Violence is any physical contact which is not performed in a loving, nurturing, or respectful way. Young children may need some physical contact on occasion to set safe boundaries for them. An example would be spanking a child to prevent them from repeatedly going out into a busy street. The difference between violence and boundary setting is clear. Is the child being spanked out of love and concern for their well being? Or are they being spanked as a way for the addict parent to vent (expel) angry, scared, or frustrated feelings? If it is the latter, the contact is violence. In this way the child is being used like a drug as a way to help the addict feel to better.

Violence includes "deprivation of basic needs" such as refusing the child access to:

  • Medical attention
  • Food
  • Clean water
  • Shelter
  • Clean air
  • A breath of air
  • Heat
  • A sense of safety (forcing the child into potentially life threatening conditions)
  • The right to flee as needed (restraining a child in lock-up areas, binding a child, trapping a child, etc)
  • The right to expel body wastes (urine, feces, vomit, etc)
  • The right to sanitation
  • The right to expel tears, vomit, fear, anger, etc (the right to cry, the right to vomit, etc)

Shaming, humiliating, terrorizing, or injuring a child in connection with the access to basic needs is a type of deprivation. The child is being trained to practice self-deprivation as a way to avoid the shaming, humiliation, terrorization, and/ or injury.

Violence also includes being forced to witness or observe trauma, ritual, pornography, punishment, death, destruction, dismemberment, suffocation, crippling. And, all of human origin, without a support system to grieve or psychologically process the event. This includes the destruction or disposition of pets, farm animals, personal property, toys, clothing, bicycles, etc.

Rage

Rage is anger and frustration out of control. Rage might include throwing things, slamming doors, breaking things, all within the child's view. Considering the sheer size of an adult as compared to a child, a child viewing an adult who is raging out of control will be terrorized by the experience. The goals of an addict parent raging are to expel feelings in order to "feel better" and at the same time, scare their objects of addiction into compliance. Remember compliance is one of the addict's expectations for their objects of addiction, which in this case is the child.

Coercion

Coercion is the threat of violence. Sam's addict parent, in an attempt to control, might say coercive things like:

(said from an angry victimstance)
  • "If you ever do that again, I'll beat you to a pulp."
  • "I'll beat you till you can't walk straight."
  • "Stop that crying or I'll give you something to cry about."
  • "Just wait till your dad gets home, he is going to really be angry."
  • "Would you like a spanking (beating)?, Get over here right now."
  • "Get in here right now or you'll get a spanking (beating)."
  • "Sometimes I wish you were dead. I hate you. I wished I'd never had kids. I wished I'd never had you."

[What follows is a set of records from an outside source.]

(* Let $(X,d)$ be a compact metric space and $f_{1,\infty}=\{f_n\}$ a sequence of continuous surjective maps $f_n:X\to X$ converging uniformly to $f:X\to X$, such that $\{f_n^k\}_{k\in\mathbb{N}}$ converges collectively to $\{f^k\}_{k\in\mathbb{N}}$ and $f_{1,\infty}$ is feebly open. Then $(X,f_{1,\infty})$ is strongly multi-sensitive if and only if $(X,f)$ is strongly multi-sensitive; and $(X,f_{1,\infty})$ is $\mathcal{N}$-sensitive if and only if $(X,f)$ is $\mathcal{N}$-sensitive.
   Context: Write $f_i^n=f_{n+i-1}\circ\cdots\circ f_i$, $f_i^0=\mathrm{id}$; an autonomous system $(X,f)$ is the case $f_n=f$ for all $n$ (so $f_i^n=f^n$). Collective convergence: for every $\epsilon>0$ there is $N_0\in\mathbb{N}$ such that $D(f_N^k,f^k)<\epsilon$ for all $N\ge N_0$ and all $k\in\mathbb{N}$, where $D$ is the supremum metric on continuous self-maps of $X$. Feebly open: $\mathrm{int}(f_n(U))\ne\varnothing$ for every nonempty open $U\subseteq X$ and every $n$. $f_{1,\infty}^{[k]}=\{f^k_{k(n-1)+1}\}_{n=1}^\infty$ (its $n$-fold composition from index $1$ is $f_1^{kn}$). $N_{f_{1,\infty}}(V,\delta)=\{n\in\mathbb{N}:\exists u,v\in V,\ d(f_1^n(u),f_1^n(v))>\delta\}$. For $\mathbf{v}=(v_1,\dots,v_r)\in\mathbb{N}^r$, the system is multi-sensitive with respect to $\mathbf{v}$ if there is $\delta>0$ such that $\bigcap_{i=1}^r N_{f_{1,\infty}^{[v_i]}}(U_i,\delta)\ne\varnothing$ for all nonempty open $U_1,\dots,U_r$; $\mathcal{N}$-sensitive if multi-sensitive with respect to $(1,\dots,n)$ for every $n$; strongly multi-sensitive if multi-sensitive with respect to every vector in $\mathbb{N}^r$, for every $r$. *)

From HB Require Import structures.
From mathcomp Require Import all_boot all_order all_algebra.
From mathcomp Require Import all_classical all_reals all_analysis.
Set Implicit Arguments. Unset Strict Implicit. Unset Printing Implicit Defensive.
Import Order.TTheory GRing.Theory Num.Theory.
Local Open Scope classical_set_scope.
Local Open Scope ring_scope.

Section Defs.
Context {R : realType} {X : metricType R}.

Definition supD (g h : X -> X) : R :=
  sup (range (fun x => mdist (g x) (h x))).

(* Non-autonomous system: sequence f : nat -> X -> X, only indices n >= 1 used.
   comp f i n = f_i^n = f_{n+i-1} o ... o f_i, comp f i 0 = id. *)
Fixpoint comp (f : nat -> X -> X) (i n : nat) : X -> X :=
  match n with
  | 0 => id
  | n'.+1 => f (i + n')%N \o comp f i n'
  end.

Definition autonomous (g : X -> X) : nat -> X -> X := fun _ => g.

Definition blk (f : nat -> X -> X) (k : nat) : nat -> X -> X :=
  fun n => comp f (k * (n - 1) + 1)%N k.

Definition Nset (f : nat -> X -> X) (V : set X) (delta : R) : set nat :=
  [set n | (0 < n)%N /\ exists u v, V u /\ V v /\
     delta < mdist (comp f 1 n u) (comp f 1 n v)].

Definition multi_sensitive_wrt (f : nat -> X -> X) (r : nat) (v : 'I_r -> nat) :=
  exists2 delta : R, 0 < delta &
    forall U : 'I_r -> set X,
      (forall i, open (U i) /\ U i !=set0) ->
      exists n, forall i, Nset (blk f (v i)) (U i) delta n.

Definition N_sensitive (f : nat -> X -> X) :=
  forall n : nat, (0 < n)%N ->
    multi_sensitive_wrt f (fun i : 'I_n => (nat_of_ord i).+1).

Definition strongly_multi_sensitive (f : nat -> X -> X) :=
  forall (r : nat) (v : 'I_r -> nat), (0 < r)%N -> (forall i, (0 < v i)%N) ->
    multi_sensitive_wrt f v.

Definition collectively_converges (f : nat -> X -> X) (g : X -> X) :=
  forall eps : R, 0 < eps -> exists N0 : nat, forall N k : nat,
    (N0 <= N)%N -> (0 < N)%N -> (0 < k)%N ->
    supD (comp f N k) (comp (autonomous g) 1 k) < eps.

Definition feebly_open (f : nat -> X -> X) :=
  forall n : nat, (0 < n)%N -> forall U : set X, open U -> U !=set0 ->
    (f n @` U)° !=set0.

End Defs.

(* Both directions compare the non-autonomous separation at time k(N0 + n)
   with the autonomous one at time kn: by collective convergence the tail
   f_{kN0+1}^{kn} is uniformly close to g^{kn} once N0 is large, so these
   separations differ by less than any prescribed constant.  From g to the
   sequence, the open sets U_i are first pushed forward by f_1^{v_i N0}, which
   keeps them with nonempty interior (feeble openness).  From the sequence to
   g, one pulls U_i back along f_1^{v_i N0} (surjectivity and continuity) to an
   open set on which the first N0 block iterates stay smaller than the
   sensitivity constant; this forces the separation time beyond N0. *)
From Pilot Require Import Defs.
From HB Require Import structures.
From mathcomp Require Import all_boot all_order all_algebra.
From mathcomp Require Import all_classical all_reals all_analysis.
From mathcomp Require Import lra zify.
Import Order.TTheory GRing.Theory Num.Theory.
Import numFieldTopology.Exports numFieldNormedType.Exports.
Local Open Scope classical_set_scope.
Local Open Scope ring_scope.

Local Notation comp := Defs.comp.

Section Compositions.
Context {R : realType} {X : metricType R}.
Implicit Types (f : nat -> X -> X) (i n : nat).

Lemma compD f i a b : comp f i (a + b) = comp f (i + a) b \o comp f i a.
Proof.
apply: funext => x; elim: b => [|b IH]; first by rewrite addn0.
by rewrite addnS /= IH addnA.
Qed.

Lemma comp_blk f k n : comp (blk f k) 1 n = comp f 1 (k * n).
Proof.
elim: n => [|n IH]; first by rewrite muln0.
rewrite /= IH /blk; have -> : (k * (1 + n - 1) + 1 = 1 + k * n)%N by lia.
by rewrite mulnS (addnC k) compD.
Qed.

Lemma comp_surjective f i n : (0 < i)%N ->
  (forall m, (0 < m)%N -> forall y, exists x, f m x = y) ->
  forall y, exists x, comp f i n x = y.
Proof.
move=> i_gt0 f_surj; elim: n => [|n IH] y; first by exists y.
have [z <-] := f_surj (i + n)%N (leq_trans i_gt0 (leq_addr _ _)) y.
by have [x <-] := IH z; exists x.
Qed.

Lemma comp_continuous f i n : (0 < i)%N ->
  (forall m, (0 < m)%N -> continuous (f m)) -> continuous (comp f i n).
Proof.
move=> i_gt0 f_cont; elim: n => [|n IH] x /=; first exact: cvg_id.
apply: continuous_comp; first exact: IH.
exact: f_cont (leq_trans i_gt0 (leq_addr _ _)) _.
Qed.

Lemma comp_feebly_open f i n : (0 < i)%N -> feebly_open f ->
  forall U : set X, open U -> U !=set0 -> (comp f i n @` U)° !=set0.
Proof.
move=> i_gt0 f_open; elim: n => [|n IH] U U_open U_n0.
  by rewrite /= image_id (interior_id _).1.
have [y Iy] := IH U U_open U_n0.
have [z Iz] := f_open (i + n)%N (leq_trans i_gt0 (leq_addr _ _)) _
  (@open_interior _ (comp f i n @` U)) (ex_intro _ y Iy).
exists z; apply: interiorS Iz => _ [_ /interior_subset [a Ua <-] <-].
by exists a.
Qed.

End Compositions.

Section MetricFacts.
Context {R : realType} {X : metricType R}.

Lemma compact_mdist_bounded : compact [set: X] ->
  exists M : R, forall x y : X, mdist x y <= M.
Proof.
move=> X_compact; have [a|X0] := pselect (exists a : X, True); last first.
  by exists 0 => x; exfalso; apply: X0; exists x.
case: a => a _.
have [|M0 [_ aM0]] := (compact_near_coveringP _).1 X_compact R (pinfty_nbhs R)
    (fun M x => mdist a x < M).
  move=> x _; exists (ball x 1, [set M | mdist a x + 1 < M]).
    by split; [exact: nbhsx_ballx | apply: nbhs_pinfty_gt; exact: num_real].
  case=> y M [/= + aM]; rewrite ballEmdist /= => xy.
  by have := metric_triangle a x y; lra.
exists ((M0 + 1) + (M0 + 1)) => x y.
apply: (le_trans (metric_triangle x a y)); rewrite metric_sym.
by have := aM0 (M0 + 1) ltac:(lra) x I; have := aM0 (M0 + 1) ltac:(lra) y I; lra.
Qed.

(* The hypothesis matters: [sup] of a set that is not bounded above is [0]. *)
Lemma mdist_le_supD {M : R} : (forall x y : X, mdist x y <= M) ->
  forall (h k : X -> X) x, mdist (h x) (k x) <= supD h k.
Proof.
move=> X_bounded h k x; apply: ub_le_sup; last by exists x.
by exists M => _ [y _ <-].
Qed.

Lemma ler_dist_mdist (a b a' b' : X) :
  `|mdist a b - mdist a' b'| <= mdist a a' + mdist b b'.
Proof.
rewrite ler_distl; apply/andP; split.
- have := metric_triangle a' a b'; have := metric_triangle a b b'.
  by rewrite (metric_sym a' a); lra.
- have := metric_triangle a a' b; have := metric_triangle a' b' b.
  by rewrite (metric_sym b' b); lra.
Qed.

Lemma open_preimage_small_orbits (F : nat -> X -> X) (N : nat) (U : set X)
    (e : R) : 0 < e -> (forall m, continuous (F m)) ->
  (forall y, exists x, F N x = y) -> open U -> U !=set0 ->
  exists V : set X, [/\ open V, V !=set0, F N @` V `<=` U &
    forall m a b, (m <= N)%N -> V a -> V b -> mdist (F m a) (F m b) < e].
Proof.
move=> e_gt0 F_cont F_surj U_open [y Uy]; have [x Fxy] := F_surj y.
pose P z := U (F N z) /\ forall m : 'I_N.+1, mdist (F m x) (F m z) < e / 2.
have P_near : \forall z \near x, P z.
  apply: filterI; first by apply: F_cont; apply: open_nbhs_nbhs; rewrite Fxy.
  apply: (@filter_forall _ _ (fun (m : 'I_N.+1) z => mdist (F m x) (F m z) < e / 2)) => m.
  have e2_gt0 : 0 < e / 2 by lra.
  have := F_cont m x _ (nbhsx_ballx (F m x) _ e2_gt0).
  by rewrite ballEmdist.
exists P°; split.
- exact: open_interior.
- by exists x; exact: nbhs_singleton (nbhs_interior P_near).
- by move=> _ [z /interior_subset [] ? _ <-].
- move=> m a b mN /interior_subset [_ Pa] /interior_subset [_ Pb].
  have := Pa (Ordinal (mN : (m < N.+1)%N)); have := Pb (Ordinal (mN : (m < N.+1)%N)).
  have := metric_triangle (F m a) (F m x) (F m b).
  by rewrite (metric_sym (F m a) (F m x)); lra.
Qed.

End MetricFacts.

Section Transfer.
Context {R : realType} {X : metricType R}.
Variables (f : nat -> X -> X) (g : X -> X).
Hypotheses (X_compact : compact [set: X]) (fg : collectively_converges f g).

Lemma collectively_converges_tail (e : R) : 0 < e ->
  exists N0, forall k n (a b : X), (0 < k)%N -> (0 < n)%N ->
  `|mdist (comp f 1 (k * (N0 + n)) a) (comp f 1 (k * (N0 + n)) b) -
    mdist (comp (autonomous g) 1 (k * n) (comp f 1 (k * N0) a))
          (comp (autonomous g) 1 (k * n) (comp f 1 (k * N0) b))| < e.
Proof.
move=> e_gt0; have [M X_bounded] := compact_mdist_bounded X_compact.
have [N0 fgN0] := fg (e / 2) ltac:(lra).
exists N0 => k n a b k_gt0 n_gt0; rewrite mulnDr compD /=.
have close x : mdist (comp f (1 + k * N0) (k * n) x)
                     (comp (autonomous g) 1 (k * n) x) < e / 2.
  apply: le_lt_trans (mdist_le_supD X_bounded _ _ x) _.
  by apply: fgN0; [nia | rewrite addn_gt0 | rewrite muln_gt0 k_gt0].
apply: le_lt_trans (ler_dist_mdist _ _ _ _) _.
by have := close (comp f 1 (k * N0) a); have := close (comp f 1 (k * N0) b); lra.
Qed.

Variables (r : nat) (v : 'I_r -> nat).
Hypothesis v_gt0 : forall i, (0 < v i)%N.

Lemma multi_sensitive_from_limit : feebly_open f ->
  multi_sensitive_wrt (autonomous g) v -> multi_sensitive_wrt f v.
Proof.
move=> f_open [d d_gt0 g_sens].
have d2_gt0 : 0 < d / 2 by lra.
have [N0 tail] := collectively_converges_tail (d / 2) d2_gt0.
exists (d / 2) => // U U_open.
pose U' i := (comp f 1 (v i * N0) @` U i)°.
have [|n sep] := g_sens U'.
  move=> i; split; first exact: open_interior.
  by apply: comp_feebly_open; [|exact: f_open|exact: (U_open i).1|exact: (U_open i).2].
exists (N0 + n)%N => i; have [n_gt0 [u' [w' [Uu [Uw sep_g]]]]] := sep i.
have [u Uiu fu] := interior_subset Uu; have [w Uiw fw] := interior_subset Uw.
rewrite comp_blk -fu -fw in sep_g.
split; first by rewrite addn_gt0 n_gt0 orbT.
exists u, w; do 2!split => //; rewrite comp_blk.
by move: (tail (v i) n u w (v_gt0 i) n_gt0); rewrite ltr_distl; lra.
Qed.

Hypotheses (f_cont : forall n, (0 < n)%N -> continuous (f n))
  (f_surj : forall n, (0 < n)%N -> forall y, exists x, f n x = y).

Lemma multi_sensitive_to_limit :
  multi_sensitive_wrt f v -> multi_sensitive_wrt (autonomous g) v.
Proof.
move=> [d d_gt0 f_sens].
have d2_gt0 : 0 < d / 2 by lra.
have [N0 tail] := collectively_converges_tail (d / 2) d2_gt0.
exists (d / 2) => // U U_open.
have pullback i : exists W : set X, [/\ open W, W !=set0,
    comp f 1 (v i * N0) @` W `<=` U i &
    forall m a b, (m <= N0)%N -> W a -> W b ->
      mdist (comp f 1 (v i * m) a) (comp f 1 (v i * m) b) < d].
  apply: (open_preimage_small_orbits (fun m => comp f 1 (v i * m)) N0) d_gt0 _ _
    (U_open i).1 (U_open i).2.
  - by move=> m; exact: comp_continuous.
  - exact: comp_surjective.
have [V V_spec] := choice pullback.
have [|n sep] := f_sens V; first by move=> i; have [] := V_spec i.
exists (n - N0)%N => i; have [_ [a [b [Va [Vb sep_f]]]]] := sep i.
rewrite comp_blk in sep_f.
have [_ _ VU V_small] := V_spec i.
have N0n : (N0 < n)%N.
  by rewrite ltnNge; apply/negP => nN0; have := V_small n a b nN0 Va Vb; lra.
rewrite -(subnKC (ltnW N0n)) in sep_f.
split; first by rewrite subn_gt0.
exists (comp f 1 (v i * N0) a), (comp f 1 (v i * N0) b).
split; first by apply: VU; exists a.
split; first by apply: VU; exists b.
rewrite comp_blk.
by move: (tail (v i) (n - N0)%N a b (v_gt0 i)); rewrite subn_gt0 ltr_distl => /(_ N0n); lra.
Qed.

End Transfer.

Theorem mainTheorem7 (R : realType) (X : metricType R)
  (f : nat -> X -> X) (g : X -> X) :
  compact [set: X] ->
  (forall n, (0 < n)%N -> continuous (f n)) ->
  (forall n, (0 < n)%N -> forall y : X, exists x : X, f n x = y) ->
  (fun n => supD (f n) g) @ \oo --> (0 : R) ->
  collectively_converges f g ->
  feebly_open f ->
  (strongly_multi_sensitive f <-> strongly_multi_sensitive (autonomous g)) /\
  (N_sensitive f <-> N_sensitive (autonomous g)).
Proof.
(* Uniform convergence is collective convergence at k = 1, hence not needed. *)
move=> X_compact f_cont f_surj _ fg f_open.
have to_g r (v : 'I_r -> nat) v_gt0 :=
  multi_sensitive_to_limit f g X_compact fg r v v_gt0 f_cont f_surj.
have from_g r (v : 'I_r -> nat) v_gt0 :=
  multi_sensitive_from_limit f g X_compact fg r v v_gt0 f_open.
split; split.
- by move=> sens r v r_gt0 v_gt0; apply/to_g/sens.
- by move=> sens r v r_gt0 v_gt0; apply/from_g/sens.
- by move=> sens n n_gt0; apply/to_g/sens.
- by move=> sens n n_gt0; apply/from_g/sens.
Qed.
(* Let $n\ge 2$ and let $\mathsf u$ be a subword of $\bm\lambda_n$ with $u_1u_2\cdots u_{n(n-1)}=e$. Then $\operatorname{rot}(\mathsf u)$ also satisfies $\operatorname{rot}(\mathsf u)_1\cdots\operatorname{rot}(\mathsf u)_{n(n-1)}=e$.
   Context: $\widetilde S_n$ is the affine symmetric group (bijections $w:\mathbb Z\to\mathbb Z$ with $w(i+n)=w(i)+n$ and $\sum_{i=1}^nw(i)=\binom{n+1}2$, under composition), with simple reflections $s_i=(\!(i,i+1)\!)$ for $i\in\{0,\dots,n-1\}$, where $(\!(i,j)\!)$ swaps $i+kn$ and $j+kn$ for all $k\in\mathbb Z$. $\bm\lambda_n$ is the word $[s_0,s_1,\dots,s_{n-1}]$ repeated $n-1$ times; its $j$-th letter ($1\le j\le n(n-1)$) is $\sigma_j=s_{(j-1)\bmod n}$ with index in $\{0,\dots,n-1\}$. A subword is a sequence $\mathsf u=[u_1,\dots,u_{n(n-1)}]$ with each $u_j\in\{\sigma_j,e\}$ ($e$ the identity). The rotation $\operatorname{rot}(\mathsf u)$ is the subword whose $j$-th entry is $e$ if and only if the $(j-1)$-th entry of $\mathsf u$ is $e$, with indices taken cyclically modulo $n(n-1)$ (so the first entry of $\operatorname{rot}(\mathsf u)$ is a skip iff $u_{n(n-1)}=e$). *)

From mathcomp Require Import all_boot all_order all_algebra.
Set Implicit Arguments. Unset Strict Implicit. Unset Printing Implicit Defensive.
Import GRing.Theory Num.Theory.
Local Open Scope ring_scope.

(* Affine permutations are represented by their underlying maps int -> int.
   s_i = ((i, i+1)) for i in {0,..,n-1}: swaps i+kn and i+1+kn for all k. *)
Definition sref (n i : nat) (x : int) : int :=
  let r := (x %% n%:Z)%Z in
  if r == i%:Z then x + 1
  else if r == ((i.+1 %% n)%N)%:Z then x - 1
  else x.

(* Length of the word lambda_n = [s_0,...,s_{n-1}] repeated n-1 times. *)
Definition wlen (n : nat) : nat := (n * n.-1)%N.

(* Its letter at 0-based position k (i.e. sigma_{k+1}) is s_{k mod n}. *)
Definition letter (n k : nat) : int -> int := sref n (k %% n).

(* A subword is encoded by b : nat -> bool, where b k = true iff the entry
   at 0-based position k (k < wlen n) is the letter sigma_{k+1} (and false iff
   it is the identity e); values at k >= wlen n are irrelevant. *)
Definition subword_prod (n : nat) (b : nat -> bool) : int -> int :=
  foldr (fun k f => (if b k then letter n k else id) \o f) id (iota 0 (wlen n)).

Definition is_id (f : int -> int) : Prop := forall x, f x = x.

(* rot(u)_j is a skip iff u_{j-1} is a skip, indices cyclic mod n(n-1). *)
Definition rotw (n : nat) (b : nat -> bool) : nat -> bool :=
  fun k => b ((k + wlen n).-1 %% wlen n)%N.

From mathcomp Require Import all_boot all_order all_algebra zify.
Set Implicit Arguments.
Unset Strict Implicit.
Unset Printing Implicit Defensive.
Import GRing.Theory Num.Theory.
Local Open Scope ring_scope.

(* Let t be the translation x |-> x + 1. Since s_(i+1) = t s_i t^-1 (indices
   mod n), each letter of lambda_n is the t-conjugate of the previous one, and,
   as n divides N = n(n-1), the first letter s_0 is also the t-conjugate of the
   last one s_(n-1). Hence the product of rot(u) is t (u_N u_1 ... u_(N-1)) t^-1.
   As u_N is e or a reflection, u_1 ... u_N = e gives u_N u_1 ... u_(N-1) = e. *)

Lemma modn_succ_neq (n i : nat) : (1 < n)%N -> (i < n)%N -> (i.+1 %% n)%N != i.
Proof.
move=> n_gt1 lt_in; have [eq_n|ne] := eqVneq i.+1 n.
  by rewrite eq_n modnn; lia.
by rewrite modn_small; lia.
Qed.

Lemma modz_pred_eq (n j : nat) (x : int) : (j < n)%N ->
  (((x - 1) %% n)%Z == j) = ((x %% n)%Z == (j.+1 %% n)%N).
Proof.
move=> lt_jn; rewrite -modz_nat -{1}(@modz_small j n); last by lia.
by rewrite -(eqz_modDr 1) subrK -addn1 PoszD.
Qed.

Lemma sref_succ (n i : nat) (x : int) : (i < n)%N ->
  sref n (i.+1 %% n) x = sref n i (x - 1) + 1.
Proof.
move=> lt_in; have lt_jn : (i.+1 %% n < n)%N by rewrite ltn_pmod //; lia.
rewrite /sref (modz_pred_eq x lt_in) (modz_pred_eq x lt_jn).
by case: ifP; [|case: ifP]; rewrite subrK.
Qed.

Lemma sref_involutive (n i : nat) : (1 < n)%N -> (i < n)%N -> involutive (sref n i).
Proof.
move=> n_gt1 lt_in x; rewrite {2}/sref; case: ifP => [/eqP x_i | x_ni].
  have := modz_pred_eq (x + 1) lt_in; rewrite addrK x_i eqxx => /esym/eqP x1_j.
  by rewrite /sref x1_j eqz_nat (negbTE (modn_succ_neq n_gt1 lt_in)) eqxx addrK.
case: ifP => [x_j | x_nj]; last by rewrite /sref x_ni x_nj.
by rewrite /sref (modz_pred_eq x lt_in) x_j subrK.
Qed.

Lemma letter_succ (n k : nat) (x : int) : (0 < n)%N ->
  letter n k.+1 x = letter n k (x - 1) + 1.
Proof. by move=> n_gt0; rewrite /letter -addn1 -modnDml addn1 sref_succ ?ltn_pmod. Qed.

Lemma letter_wlen (n : nat) : letter n (wlen n) = letter n 0.
Proof. by rewrite /letter /wlen modnMr mod0n. Qed.

Section WordComposition.

Variable T : Type.
Implicit Types (F G : nat -> T -> T) (s : seq nat).

Definition compw F s : T -> T := foldr (fun k f => F k \o f) id s.

Lemma compw_rcons F s k : compw F (rcons s k) =1 compw F s \o F k.
Proof. by move=> x; elim: s => //= j s ->. Qed.

Lemma compw_map F G (f : nat -> nat) (t t' : T -> T) s :
  cancel t t' -> cancel t' t ->
  (forall k, k \in s -> F (f k) =1 t \o G k \o t') ->
  compw F (map f s) =1 t \o compw G s \o t'.
Proof.
move=> tK t'K; elim: s => [|k s IH] conj x /=; first by rewrite t'K.
rewrite IH => [|j s_j]; last by apply: conj; rewrite inE s_j orbT.
by rewrite conj ?mem_head //= tK.
Qed.

Lemma compw_rot_id F s k :
  involutive (F k) -> compw F (rcons s k) =1 id -> compw F (k :: s) =1 id.
Proof.
move=> Fk_inv word_id x /=.
by have := word_id (F k x); rewrite compw_rcons /= Fk_inv => ->.
Qed.

Lemma compw_iota_rot F m :
  F 0%N =1 F m.+1 -> compw F (iota 0 m.+1) =1 compw F (map S (m :: iota 0 m)).
Proof. by move=> F0 x; rewrite /= -[1%N]/(1 + 0)%N iotaDl F0. Qed.

End WordComposition.

Definition subword_letter (n : nat) (b : nat -> bool) (k : nat) : int -> int :=
  if b k then letter n k else id.

Lemma subword_prodE (n : nat) (b : nat -> bool) :
  subword_prod n b = compw (subword_letter n b) (iota 0 (wlen n)).
Proof. by []. Qed.

Lemma subword_letter_involutive (n : nat) (b : nat -> bool) (k : nat) :
  (1 < n)%N -> involutive (subword_letter n b k).
Proof.
move=> n_gt1; rewrite /subword_letter; case: (b k) => // x.
by rewrite /letter sref_involutive // ltn_pmod //; lia.
Qed.

Lemma rotw_succ (n : nat) (b : nat -> bool) (k : nat) :
  (k < wlen n)%N -> rotw n b k.+1 = b k.
Proof. by move=> lt_kN; rewrite /rotw addSn /= modnDr modn_small. Qed.

Lemma rotw_wlen (n : nat) (b : nat -> bool) : rotw n b (wlen n) = rotw n b 0.
Proof. by rewrite /rotw; case: (wlen n) => //= m; rewrite modnDr. Qed.

Lemma subword_letter_rotw_succ (n : nat) (b : nat -> bool) (k : nat) (x : int) :
  (0 < n)%N -> (k < wlen n)%N ->
  subword_letter n (rotw n b) k.+1 x = subword_letter n b k (x - 1) + 1.
Proof.
move=> n_gt0 lt_kN; rewrite /subword_letter rotw_succ //.
by case: (b k) => /=; [exact: letter_succ | rewrite subrK].
Qed.

Lemma subword_letter_rotw_wlen (n : nat) (b : nat -> bool) :
  subword_letter n (rotw n b) (wlen n) = subword_letter n (rotw n b) 0.
Proof. by rewrite /subword_letter rotw_wlen letter_wlen. Qed.

Theorem lemma5p6 (n : nat) (b : nat -> bool) :
  (2 <= n)%N -> is_id (subword_prod n b) -> is_id (subword_prod n (rotw n b)).
Proof.
move=> n_gt1 b_id x; set N := wlen n.
have N_gt0 : (0 < N)%N by rewrite /N /wlen muln_gt0; lia.
have last_first_id : compw (subword_letter n b) (N.-1 :: iota 0 N.-1) =1 id.
  apply: compw_rot_id; first exact: subword_letter_involutive.
  rewrite -cats1 -[[:: N.-1]]/(iota (0 + N.-1) 1) -iotaD addn1 (prednK N_gt0).
  exact: b_id.
have shift_conj k : k \in N.-1 :: iota 0 N.-1 ->
    subword_letter n (rotw n b) k.+1 =1
    (fun y => y + 1) \o subword_letter n b k \o (fun y => y - 1).
  by rewrite inE mem_iota => lt_kN y; apply: subword_letter_rotw_succ; lia.
rewrite subword_prodE -/N -(prednK N_gt0) compw_iota_rot; last first.
  by move=> y; rewrite prednK // subword_letter_rotw_wlen.
by rewrite (compw_map (@addrK _ 1) (@subrK _ 1) shift_conj) /comp last_first_id subrK.
Qed.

The use of threat or destructive bargaining is also a part of coercion.

A terrorist uses coercion to control situations with some intended goal in mind. And just like the terrorist, the addict parent destructively controls with an intended goal in mind. The goal is to "feel better." Addicts who have a dependency relationship with their children control their fears by controlling their children. Children of addict parents who are controlled by the addict's use of coercion, grow up terrorized and not feeling safe. The emotional effects of coercion are more damaging to a child than to a child who has been beaten. A child growing up in coercion will always be wishing for something (bad) to happen in order for them to relieve their anxiety of waiting for something (bad) to happen.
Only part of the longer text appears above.